DATA:
══════════════════════════════
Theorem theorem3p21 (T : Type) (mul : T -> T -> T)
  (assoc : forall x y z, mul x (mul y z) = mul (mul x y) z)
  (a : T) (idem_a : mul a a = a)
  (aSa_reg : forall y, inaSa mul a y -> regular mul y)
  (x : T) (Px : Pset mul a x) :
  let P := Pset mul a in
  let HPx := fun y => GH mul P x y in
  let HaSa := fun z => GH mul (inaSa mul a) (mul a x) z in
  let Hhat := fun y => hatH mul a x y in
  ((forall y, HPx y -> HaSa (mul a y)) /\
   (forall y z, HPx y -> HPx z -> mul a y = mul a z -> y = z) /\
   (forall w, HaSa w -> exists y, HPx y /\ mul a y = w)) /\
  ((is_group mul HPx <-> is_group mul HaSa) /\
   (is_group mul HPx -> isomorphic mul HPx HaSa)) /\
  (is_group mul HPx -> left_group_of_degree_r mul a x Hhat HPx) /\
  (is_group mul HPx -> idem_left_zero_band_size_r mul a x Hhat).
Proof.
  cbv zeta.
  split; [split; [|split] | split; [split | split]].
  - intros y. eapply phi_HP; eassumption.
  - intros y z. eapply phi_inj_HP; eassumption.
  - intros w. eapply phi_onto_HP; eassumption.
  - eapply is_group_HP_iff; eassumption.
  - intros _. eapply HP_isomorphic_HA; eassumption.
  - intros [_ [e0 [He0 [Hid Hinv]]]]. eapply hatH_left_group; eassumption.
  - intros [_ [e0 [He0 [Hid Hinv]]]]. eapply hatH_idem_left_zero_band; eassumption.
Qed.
══════════════════════════════
WORK ITEM: All that is wanted is a faithful reproduction of the line above with "(is_group mul HPx -> isomorphic", the line with "- intros y z.", and every line in between.

OUTPUT BELOW:
   (is_group mul HPx -> isomorphic mul HPx HaSa)) /\
  (is_group mul HPx -> left_group_of_degree_r mul a x Hhat HPx) /\
  (is_group mul HPx -> idem_left_zero_band_size_r mul a x Hhat).
Proof.
  cbv zeta.
  split; [split; [|split] | split; [split | split]].
  - intros y. eapply phi_HP; eassumption.
  - intros y z. eapply phi_inj_HP; eassumption.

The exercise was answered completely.